When execution was had before the lower court, Bacolod again sought the inclusion of
the surcharges referred to; and once again the move was denied.
Bacolod filed a second case against San Miguel for collection of the surcharges. San Miguel
moved to dismiss on the grounds that: 1) the cause of action is barred by a prior judgment,
and (2) a party may not institute more than one suit for a single cause of action.
CFI of Negros Occidental decided in favor of Bacolod and ordered San Miguel to pay the
surcharges and penalties (P36, 519.10)
May the City of Bacolod sue San Miguel again, this time for the collection of surcharges and
penalties which were not included in the first case?
There is no question that appellee split up its cause of action when it filed the first
complaint on March 23, 1960, seeking the recovery of only the bottling taxes or charges
plus legal interest, without mentioning in any manner the surcharges. The rule on the
matter is clear. Sections 3 and 4 of Rule 2 of the Rules of Court of 1940 which were
still in force then provided:
SEC. 3. Splitting a cause of action, forbidden. A single cause of action cannot
be split up into two or more parts so as to be made the subject of different
SEC. 4. Effect of splitting.
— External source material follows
(* For $n\geqslant1$ and $m,f\geqslant0$, let $\mathfrak{i}_{n,m,f}$ be the number of inversion sequences $\sigma$ of length $n$ avoiding both $010$ and $210$, with maximum value $m$ and $\mathrm{forb}(\sigma,\{010,210\})=f$. Then for all $n\geqslant 1$, $m\geqslant 1$ and $0\leqslant f\leqslant m+1$, $$\mathfrak{i}_{n,m,f}=\sum_{p=m+1}^{n}\sum_{i=0}^{f-1}\sum_{j=0}^{m-1}\mathfrak{i}_{p-1,j,i}\cdot\mathfrak{h}_{n-p,\,f-i-1},$$ where $\mathfrak{h}_{a,b}$ is the number of words of length $a$ over $\{1,\dots,b\}\sqcup\{\infty\}$ ($\infty$ the largest letter) avoiding $010$ whose subword obtained by deleting the letters $\infty$ is nondecreasing with maximum $b$ (or is empty, when $b=0$); in particular $\mathfrak{h}_{0,0}=1$ and $\mathfrak{h}_{0,b}=0$ for $b\geqslant1$.
   Context: An inversion sequence of length $n$ is a sequence $(\sigma_1,\dots,\sigma_n)$ of integers with $0\leqslant\sigma_i<i$. A sequence contains a pattern $p$ if some subsequence is order-isomorphic to $p$; otherwise it avoids $p$. Avoiding $010$: no $i<j<l$ with $\sigma_i=\sigma_l<\sigma_j$. Avoiding $210$: no $i<j<l$ with $\sigma_i>\sigma_j>\sigma_l$. For a sequence $\sigma$ avoiding a set of patterns $P$, a value $v\in\{0,\dots,\max(\sigma)\}$ is forbidden if the sequence $\sigma$ followed by $M$ and then $v$ contains some pattern of $P$, where $M>\max(\sigma)$; $\mathrm{forb}(\sigma,P)$ is the number of forbidden values. *)

From mathcomp Require Import all_boot.
Set Implicit Arguments. Unset Strict Implicit. Unset Printing Implicit Defensive.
If separate complaints were brought for different
parts of a single cause of action, the filing of the first may be pleaded in

abatement of the others, and a judgment upon the merits in either is available as
a bar in the others.
The rule against splitting a single cause of action is intended "to prevent repeated
litigation between the same parties in regard to the same subject of controversy; to
protect defendant from unnecessary vexation; and to avoid the costs and expenses
incident to numerous suits."
It cannot be denied that appellant's failure to pay the bottling charges or taxes and the
surcharges for delinquency in the payment thereof constitutes but one single cause of
action which under the above rule can be the subject of only one complaint, under pain
of either of them being barred if not included in the same complaint.
The violation of a single right may give rise to more than one relief. In other words, for
a single cause of action or violation of a right, the plaintiff may be entitled to several
reliefs. It is the filing of separate complaints for these several reliefs that constitutes
splitting up of the cause of action. This is what is prohibited by the rule.
The obligation of appellant to pay the surcharges arose from the violation by said
appellant of the same right of appellee from which the obligation to pay the basic
charges also arose. Upon these facts, it is obvious that appellee has filed separate
complaints for each of two reliefs related to the same single cause of action, thereby
splitting up the said cause of action.
Whenever a plaintiff has filed more than one complaint for the same violation of a right,
the filing of the first complaint on any of the reliefs born of the said violation constitutes
a bar to any action on any of the other possible reliefs arising from the same violation,
whether the first action is still pending, in which event, the defense to the subsequent
complaint would be litis pendentia, or it has already been finally terminated, in which
case, the defense would be res adjudicata.
Judgment of lower court is reversed.